Lineone
- Company type: Defunct
- Industry: Internet & Communications
- Founded: 1997
- Headquarters: United Kingdom
- Products: Internet service

= LineOne =

British internet provider

LineOne was an Internet service provider in the United Kingdom in the 1990s. LineOne was a joint venture of News International, United News & Media and British Telecom. It then became the UK branch of Tiscali, which is now TalkTalk.

As of October 2017, the "lineone.net" domain is still active for email (username@lineone.net) and website hosting (website.lineone.net/~username). More recently (October 2019), TalkTalk has notified LineOne customers that from 10 December 2019, unless they pay £5 per month or £50 per year or sign up to the TalkTalk broadband service, they will lose most Talk Talk features, will only have access to their mails through webmail and will start closing down free e-mail accounts.

== History ==

Before LineOne was launched in 1997 as a joint venture between News International and British Telecom, it was known as Springboard Internet Services and previously to that Delphi. This is not to be confused with, although it's related to, the company known as Delphi in the United States which had been purchased by News Corporation shortly before, and then sold on, and whose embryonic UK offerings were overseen by News International. Andrew Burke was the founding CEO and had previously run News International's Internet Publishing division responsible for putting The Times, Sunday Times, The Sun, News of the World and Today onto the web as well as Delphi in the UK.

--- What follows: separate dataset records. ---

(* Let $G$ be a Parametric Timed Game, $R\subseteq L$ a reachability objective, and $W(R)$ the set of winning states of $G$ for $R$. Then $$\mathit{SafePred}\big(W(R)\cup\mathit{WinningMoves}(W(R)),\ \mathit{Uncontrollable}(W(R))\big)\subseteq W(R).$$
   Context: A Parametric Timed Game (PTG) is a tuple $G=(L,X,P,\mathit{Act},T_c,T_u,\ell_0,\mathit{Inv})$ where $L$ is a finite set of locations, $X$ a finite set of clocks, $P$ a finite set of parameters, $\mathit{Act}$ a set of labels, $\ell_0\in L$ the initial location, $T=T_c\cup T_u$ (disjoint union of controllable and uncontrollable transitions) is a finite set of tuples $(\ell,g,a,Y,\ell')$ with $\ell,\ell'\in L$, $a\in\mathit{Act}$, $Y\subseteq X$ and $g$ a guard, and $\mathit{Inv}$ maps each location to a guard. A linear term over $P$ is an expression $k_0+\sum_i k_i p_i$ with $k_i\in\mathbb{Q}$, $p_i\in P$. A guard is a finite conjunction of constraints $x\sim \mathit{plt}$ and $\mathit{plt}'\sim\mathit{plt}$ with $x\in X$, $\sim\in\{<,\le,=,\ge,>\}$, and $\mathit{plt},\mathit{plt}'$ linear terms over $P$. A valuation is a pair $v=(v_X,v_P)$ with $v_X:X\to\mathbb{R}_{\ge0}$ and $v_P:P\to\mathbb{Q}_{\ge0}$; satisfaction $v\models g$ is defined by substituting values. For $\delta\ge0$, $v+\delta=(v_X+\delta,v_P)$ (all clocks increased by $\delta$), and $v[Y:=0]$ sets clocks in $Y$ to $0$ and leaves other clocks and the parameters unchanged. A state is a pair $(\ell,v)$ with $v\models\mathit{Inv}(\ell)$; $\mathbb{S}$ is the set of states. Timed transition: for $\delta\in\mathbb{R}_{\ge0}$, $(\ell,v)\to^{\delta}(\ell',v')$ iff both are states, $\ell=\ell'$ and $v'=v+\delta$. Discrete transition: for $t=(\ell,g,a,Y,\ell')\in T$, $(\ell,v)\to^{t}(\ell',v')$ iff both are states, $v\models g$ and $v'=v[Y:=0]$. A run from a state $s_0$ is a finite or infinite sequence $s_0s_1s_2\ldots$ of states with $s_{2i}\to^{\delta_i}s_{2i+1}\to^{t_i}s_{2i+2}$ for some $\delta_i\ge0$, $t_i\in T$ (as long as the sequence continues); a history is a finite prefix of a run, $\mathcal{H}$ the set of histories, and $ls(h)$ the last state of $h$. Coverage: $\mathit{Cover}(s\to^{\delta}s')=\{s''\in\mathbb{S}\mid \exists\,0\le\delta'\le\delta,\ s\to^{\delta'}s''\}$; $\mathit{Cover}(s)=\{s'\mid\exists\delta\ge0,\ s\to^\delta s'\}$; the coverage of a run $r=s_0s_1\ldots$ is the union of $\mathit{Cover}(s_{2i}\to^{\delta}s_{2i+1})$ over its timed transitions, together with $\mathit{Cover}(ls(r))$ if $r$ is finite. For $R\subseteq L$, a run $r$ is winning iff $\mathit{Cover}(r)$ contains a state whose location is in $R$. A controller strategy is a function $\sigma_c:\mathcal{H}\to\mathbb{R}_{\ge0}\cup\{\infty\}\cup T_c$ and an environment strategy a function $\sigma_e:\mathcal{H}\to\mathbb{R}_{\ge0}\cup\{\infty\}\cup T_u$, such that for $\sigma\in\{\sigma_c,\sigma_e\}$ and every $h$: (1) if $\sigma(h)=(\ell,g,a,Y,\ell')\in T$ then $ls(h)=(\ell,v)$ with $v\models g$ and $v[Y:=0]\models\mathit{Inv}(\ell')$; (2) if $\sigma(h)=\delta\in\mathbb{R}_{\ge0}$ and $ls(h)\to^{\delta}s$ for some state $s$, then $\sigma(h\to^\delta s)\in T$ (where $h\to^{\delta}s$ is $h$ extended by the delay). The global strategy $\sigma=\sigma_{(\sigma_c,\sigma_e)}$ is: if $\sigma_e(h)=t_u\in T_u$ then $\sigma(h)=t_u$; if $\sigma_c(h)=t_c\in T_c$ and $\sigma_e(h)$ is a delay then $\sigma(h)=t_c$; if both are delays $\delta,\delta'$ then $\sigma(h)=\min(\delta,\delta')$. The run induced by $\sigma$ from $s_0$ is built as follows: at even index $i$, if $\sigma(s_0\ldots s_i)=t\in T$ then $s_{i+1}=s_i$ (delay $0$) and $s_{i+2}$ is the $t$-successor; if it is a delay $\delta$ and a state $s$ with $s_i\to^\delta s$ exists, $s_{i+1}=s$; otherwise the run ends; at odd index $i$, $\sigma(s_0\ldots s_i)$ is a transition $t$ and $s_{i+1}$ is the unique state with $s_i\to^t s_{i+1}$. A run adheres to $\sigma_c$ if it is the run induced by $\sigma_{(\sigma_c,\sigma_e)}$ for some environment strategy $\sigma_e$. A controller strategy is winning from $s$ (for $R$) if all runs from $s$ adhering to it are winning; $s$ is a winning state if such a strategy exists, and $W(R)$ denotes the set of winning states. Operators on sets of states $S,S_1,S_2\subseteq\mathbb{S}$: $\mathit{WinningMoves}(S)=\{s\in\mathbb{S}\mid\exists t\in T_c,\ s'\in S,\ s\to^t s'\}$; $\mathit{Uncontrollable}(S)=\{s\in\mathbb{S}\mid\exists t\in T_u,\ s'\notin S,\ s\to^t s'\}$; $\mathit{SafePred}(S_1,S_2)=\{s\in\mathbb{S}\mid \exists s'\in S_1,\ \exists\delta\ge0,\ s\to^\delta s'\ \wedge\ \mathit{Cover}(s\to^\delta s')\cap S_2=\emptyset\}$. *)

From Stdlib Require Import Reals QArith Qreals List.
Set Implicit Arguments.
Unset Strict Implicit.

Inductive cmp := CLt | CLe | CEq | CGe | CGt.

Definition cmpR (c : cmp) (a b : R) : Prop :=
  match c with
  | CLt => (a < b)%R | CLe => (a <= b)%R | CEq => a = b
  | CGe => (a >= b)%R | CGt => (a > b)%R
  end.

(** linear term k0 + sum_i k_i p_i over parameters P, k_i rationals *)
Definition lterm (P : Type) : Type := (Q * list (Q * P))%type.

Inductive atom (X P : Type) : Type :=
  | AClock : X -> cmp -> lterm P -> atom X P
  | AParam : lterm P -> cmp -> lterm P -> atom X P.

Definition guard (X P : Type) : Type := list (atom X P).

The official LineOne launch coincided with the publication of the 1997 Sunday Times 'Rich List'. The set up software was given away free with each copy of that weekend's Sunday Times. At this time the Helpdesk was run by BT from their office in Colindale, North London.

In 1998, United News & Media bought a 33% stake in the company for an undisclosed sum.

LineOne offered customers 0845 (Local Rate) access to the Internet (which required a monthly subscription) as well as offering e-mail and web hosting services, which were included in the subscription fee.

Freeserve launched in 1998, and was the first major ISP to offer a subscription free dialup service that only charged the standard per minute local call rate for access. LineOne was forced to follow suit with the same service to stem the flow of dialup customers and pressured BT into providing the infrastructure, which it did so and at considerable expense to LineOne.

== From LineOne to Tiscali ==

In March 1999, News International sold its shares in LineOne as it was concentrating on its own internet services, making British Telecom and United News & Media each 50% owners of LineOne. LineOne moved its offices to Blackfriar's Bridge from the offices they once occupied next to News International's printworks in Wapping. Ajay Chowdhury from United News & Media took over as CEO of LineOne and together with a new team including Mary Turner from AOL and Andy Harwood built LineOne into one of the largest ISP's and most trafficked portals in the UK. Chowdhury left in 2000 to set up NBC Internet Europe and Mary Turner was appointed the General Manager of LineOne.

LineOne was then put up for sale after it became obvious that everyone involved was not going to make the hundreds of millions of pounds that LineOne was originally valued at in the middle of the dot-com bubble and it was bought by Italian telecommunications giant Tiscali on 26 April 2001 for GBP £62,000,000 (EUR €100,000,000).

It was rumoured that before this sale, another large telecommunications giant had offered three to four times as much a year earlier and that by holding out for more money, the LineOne management missed the boat.

At the time of acquisition, LineOne had 1.85 million subscribers, though the number of active users was probably around the 800,000 mark at the time.

In June 2009, The UK operations of Tiscali were sold to TalkTalk Group, part of The Carphone Warehouse plc. The LineOne point of presence continues to be served by this company. The acquisition was completed on 6 July 2009.